Summary: Study provides insight into the behavioral function of dopamine signaling in the striatum.
There is little doubt that dopamine transmission in the brain plays a role in habit formation. However, two central questions that remain are which of the different dopamine projection pathways in the brain are critical, and how pathway-specific dopamine signaling changes over the course of habit development. Researchers from the Netherlands institute of Neuroscience (NIN) now show findings that challenge the status quo in the field of behavioral neuroscience.
“It is widely assumed that dopamine signaling ceases once a habit is fully developed”, says Ingo Willuhn, researcher at the Netherlands Institute for Neuroscience and Amsterdam UMC.
Other theoretical models assume that during the process of habit development dopamine signaling shifts between different regions of the striatum – a brain area crucial for motor function and reward learning. For example, dopamine release in the limbic and associative regions of the striatum is important when a new behavior is learned, whereas dopamine in the sensorimotor striatum is coming ‘online’ later with increasing practice of a behavior and is thought to be critical for habit information.
“With this study, we reform the widely accepted theoretical models on dopamine signaling with the finding that striatal dopamine signals neither cease nor shift between regions during habit formation,” says Willuhn.
The results were published in Current Biology.
Tracking striatal dopamine during the development of habitual behavior
In this study, Willuhn and his colleagues tracked striatal dopamine signaling during the development of habitual behavior. In the associative striatum – a brain region previously associated with non-habitual behavior – dopamine release increased during action initiation in habitual rats and decreased during action completion, whereas non-habitual rats showed the opposite pattern.
Optogenetic stimulation of dopamine release in this region was sufficient to accelerate habit information. Answering these questions has been hindered both by lacking appropriate neuro-measurement tools to record brain activity from all the relevant pathways, as well lacking behavioral testing paradigms with sufficient sensitivity.
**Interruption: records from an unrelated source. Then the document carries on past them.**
(* Let $d\ge 1$, $k\ge1$ and let $(\vec n)$ be a $d\times k$ matrix of nonnegative integers. If $k\le d$, then for all $0<\epsilon<L$ the modified analytic weight $\widetilde W^{k,(\vec n)}_{\epsilon<L}$ is identically zero as a distribution on $(\mathbb{C}^d)^k$; indeed the form $\left(\frac{\partial}{\partial z^k}\right)^{\vec n^k}K^{an}_\epsilon(z^1,z^k)\prod_{\alpha=1}^{k-1}\left(\frac{\partial}{\partial z^\alpha}\right)^{\vec n^\alpha}P^{an}_{\epsilon<L}(z^\alpha,z^{\alpha+1})$ vanishes identically.
   Context: On $(\mathbb{C}^d)^k$ use coordinates $z^\alpha=(z^\alpha_1,\dots,z^\alpha_d)$ and $d^dz^\alpha=dz^\alpha_1\wedge\cdots\wedge dz^\alpha_d$. Analytic heat kernel: $K^{an}_t(z,w)=(2\pi i t)^{-d}e^{-|z-w|^2/4t}\prod_{i=1}^d(d\bar z_i-d\bar w_i)$ for $t>0$. Analytic propagator: $P^{an}_{\epsilon<L}(z,w)=\int_\epsilon^L dt\,(2\pi i t)^{-d}\sum_{j=1}^d(-1)^{j-1}\frac{\bar z_j-\bar w_j}{4t}e^{-|z-w|^2/4t}\prod_{i\neq j}(d\bar z_i-d\bar w_i)$. Write $\left(\frac{\partial}{\partial z^\alpha}\right)^{\vec n^\alpha}=\prod_{i=1}^d\frac{\partial^{n^\alpha_i}}{\partial (z^\alpha_i)^{n^\alpha_i}}$. The modified analytic weight is the distribution on $\Phi\in\Omega^{0,*}_c((\mathbb{C}^d)^k)$ $$\widetilde W^{k,(\vec n)}_{\epsilon<L}(\Phi)=\int_{(\mathbb{C}^d)^k}\prod_{\alpha=1}^k d^dz^\alpha\,\Phi\,\left(\frac{\partial}{\partial z^k}\right)^{\vec n^k}K^{an}_\epsilon(z^1,z^k)\prod_{\alpha=1}^{k-1}\left(\frac{\partial}{\partial z^\alpha}\right)^{\vec n^\alpha}P^{an}_{\epsilon<L}(z^\alpha,z^{\alpha+1}),$$ integrating the top-degree component. *)

From Stdlib Require Import Reals ZArith List Sorted Arith ClassicalEpsilon.
Import ListNotations.
Open Scope R_scope.

Definition C : Type := (R * R)%type.
Definition C0 : C := (0, 0).
Definition C1 : C := (1, 0).
Definition Cadd (z w : C) : C := (fst z + fst w, snd z + snd w).
Definition Copp (z : C) : C := (- fst z, - snd z).
Definition Csub (z w : C) : C := Cadd z (Copp w).
Definition Cmul (z w : C) : C :=
  (fst z * fst w - snd z * snd w, fst z * snd w + snd z * fst w).
Definition Cconj (z : C) : C := (fst z, - snd z).
Definition Cnorm2 (z : C) : R := fst z * fst z + snd z * snd z.
Definition Cinv (z : C) : C := (fst z / Cnorm2 z, - snd z / Cnorm2 z).
Definition Cscal (r : R) (z : C) : C := (r * fst z, r * snd z).
Fixpoint Cpow (z : C) (m : nat) : C :=
  match m with O => C1 | S m' => Cmul z (Cpow z m') end.
Definition CofZ (x : Z) : C := (IZR x, 0).
Definition Csum (l : list C) : C := fold_right Cadd C0 l.
Definition Rsum (l : list R) : R := fold_right Rplus 0 l.

(* a point of C^d : coordinates i = 0..d-1 (paper: i = 1..d) *)
Definition pt : Type := nat -> C.
(* a configuration in (C^d)^k : Z a i = z^{a+1}_{i+1}, a < k, i < d *)
Definition config : Type := nat -> nat -> C.

Definition dist2 (d : nat) (z w : pt) : R :=
  Rsum (map (fun i => Cnorm2 (Csub (z i) (w i))) (seq 0 d)).

Definition RInt (f : R -> R) (a b : R) : R :=
  match excluded_middle_informative (inhabited (Riemann_integrable f a b)) with
  | left H => RiemannInt (epsilon H (fun _ => True))
  | right _ => 0
  end.
Definition CInt (f : R -> C) (a b : R) : C :=
  (RInt (fun t => fst (f t)) a b, RInt (fun t => snd (f t)) a b).

Definition RlineInt (f : R -> R) : R :=
  epsilon (inhabits 0) (fun l => forall e, 0 < e -> exists M, forall Rr, Rr > M ->
      Rabs (RInt f (- Rr) Rr - l) < e).

Definition Rderiv (g : R -> R) (x : R) : R :=
  epsilon (inhabits 0) (fun l => derivable_pt_lim g x l).

Definition cupd (Z : config) (a i : nat) (c : C) : config :=
  fun b l => if andb (Nat.eqb b a) (Nat.eqb l i) then c else Z b l.

Definition Dx (a i : nat) (F : config -> C) (Z : config) : C :=
  let g := fun s => F (cupd Z a i (s, snd (Z a i))) in
  (Rderiv (fun s => fst (g s)) (fst (Z a i)), Rderiv (fun s => snd (g s)) (fst (Z a i))).
Definition Dy (a i : nat) (F : config -> C) (Z : config) : C :=
  let g := fun s => F (cupd Z a i (fst (Z a i), s)) in
  (Rderiv (fun s => fst (g s)) (snd (Z a i)), Rderiv (fun s => snd (g s)) (snd (Z a i))).
Definition Dz (a i : nat) (F : config -> C) : config -> C :=
  fun Z => Cscal (/2) (Cadd (Dx a i F Z) (Cmul (0, -1) (Dy a i F Z))).
(* (d/dz^a)^{nvec} = prod_{i<d} d^{nvec i}/d(z^a_i)^{nvec i} *)
Definition Dmulti (d a : nat) (nvec : nat -> nat) (F : config -> C) : config -> C :=
  fold_right (fun i G => Nat.iter (nvec i) (Dz a i) G) F (seq 0 d).

(* generator dzbar^a_i has index a*d + i *)
Definition gidx (d a i : nat) : nat := (a * d + i)%nat.
(* constant-coefficient (0,1)-form: integer coefficient of each generator *)
Definition oneform : Type := nat -> Z.
(* dzbar^a_i - dzbar^b_i *)
Definition diff1 (d a b i : nat) : oneform := fun g =>
  ((if Nat.eqb g (gidx d a i) then 1 else 0) - (if Nat.eqb g (gidx d b i) then 1 else 0))%Z.

Fixpoint remove_nth (m : nat) (l : list nat) : list nat :=
  match l, m with
  | [], _ => []
  | _ :: l', O => l'
  | x :: l', S m' => x :: remove_nth m' l'
  end.

(* component of v1 ^ ... ^ vm along dzbar_{S_1} ^ ... ^ dzbar_{S_p}
   (Laplace expansion of the determinant; 0 unless m = p) *)
Fixpoint ext (vs : list oneform) (S : list nat) : Z :=
  match vs with
  | [] => match S with [] => 1%Z | _ => 0%Z end
  | v :: vs' =>
      fold_right Z.add 0%Z
        (map (fun b => ((-1) ^ Z.of_nat b * v (nth b S O) * ext vs' (remove_nth b S))%Z)
             (seq 0 (length S)))
  end.

(* a (0,q)-form at a point: finite sum of  coefficient * (wedge of 1-forms) *)
Definition pform : Type := list (C * list oneform).
Definition wedge (w1 w2 : pform) : pform :=
  flat_map (fun p => map (fun q => (Cmul (fst p) (fst q), snd p ++ snd q)) w2) w1.
(* coefficient of dzbar_{S_1} ^ ... ^ dzbar_{S_p} *)
Definition form_comp (w : pform) (S : list nat) : C :=
  Csum (map (fun p => Cmul (fst p) (CofZ (ext (snd p) S))) w).

Definition prefac (d : nat) (t : R) : C := Cinv (Cpow (0, 2 * PI * t) d).

Definition Kcoef (d : nat) (t : R) (z w : pt) : C :=
  Cmul (prefac d t) (exp (- dist2 d z w / (4 * t)), 0).

(* integrand of the j-th scalar coefficient of P^an (j 0-based: sign (-1)^j) *)
Definition Pintegrand (d j : nat) (t : R) (z w : pt) : C :=
  Cmul (prefac d t)
   (Cmul (Cscal ((-1) ^ j / (4 * t)) (Csub (Cconj (z j)) (Cconj (w j))))
         (exp (- dist2 d z w / (4 * t)), 0)).
Definition Pcoef (d : nat) (eps L : R) (j : nat) (z w : pt) : C :=
  CInt (fun t => Pintegrand d j t z w) eps L.

(* (d/dz^k)^{n^k} K^an_eps(z^1, z^k) ; nmat a i = n^{a+1}_{i+1} *)
Definition Kform (d k : nat) (eps : R) (nmat : nat -> nat -> nat) (Z : config) : pform :=
  [ (Dmulti d (k - 1) (nmat (k - 1)%nat)
        (fun Y => Kcoef d eps (Y O) (Y (k - 1)%nat)) Z,
     map (fun i => diff1 d O (k - 1) i) (seq 0 d)) ].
However, by utilizing an optimized voltammetric technique, members of the Willuhn lab measured second-by-second dopamine release simultaneously in limbic, associative, and sensorimotor domains of the striatum across ten weeks of behavioral training in a novel custom-designed task.
Identification of brain mechanisms that drive the development of habitual behavior has been of great interest for decades. This is because this type of action automation is a fundamental building block of behavior and, at the same time, is thought to be dysregulated in many psychiatric disorders. Willuhn: “This research represents a step forward in our understanding of the behavioral function of dopamine signaling in the striatum”.
Striatal dopamine signals are region-specific and temporally stable across action-sequence habit formation
Habits are automatic, inflexible behaviors that develop slowly with repeated performance. Striatal dopamine signaling instantiates this habit-formation process, presumably region specifically and via ventral-to-dorsal and medial-to-lateral signal shifts.
Here, we quantify dopamine release in regions implicated in these presumed shifts (ventromedial striatum [VMS], dorsomedial striatum [DMS], and dorsolateral striatum [DLS]) in rats performing an action-sequence task and characterize habit development throughout a 10-week training. Surprisingly, all regions exhibited stable dopamine dynamics throughout habit development.
VMS and DLS signals did not differ between habitual and non-habitual animals, but DMS dopamine release increased during action-sequence initiation and decreased during action-sequence completion in habitual rats, whereas non-habitual rats showed opposite effects. Consistently, optogenetic stimulation of DMS dopamine release accelerated habit formation.
Thus, we demonstrate that dopamine signals do not shift regionally during habit formation and that dopamine in DMS, but not VMS or DLS, determines habit bias, attributing “habit functions” to a region previously associated exclusively with non-habitual behavior.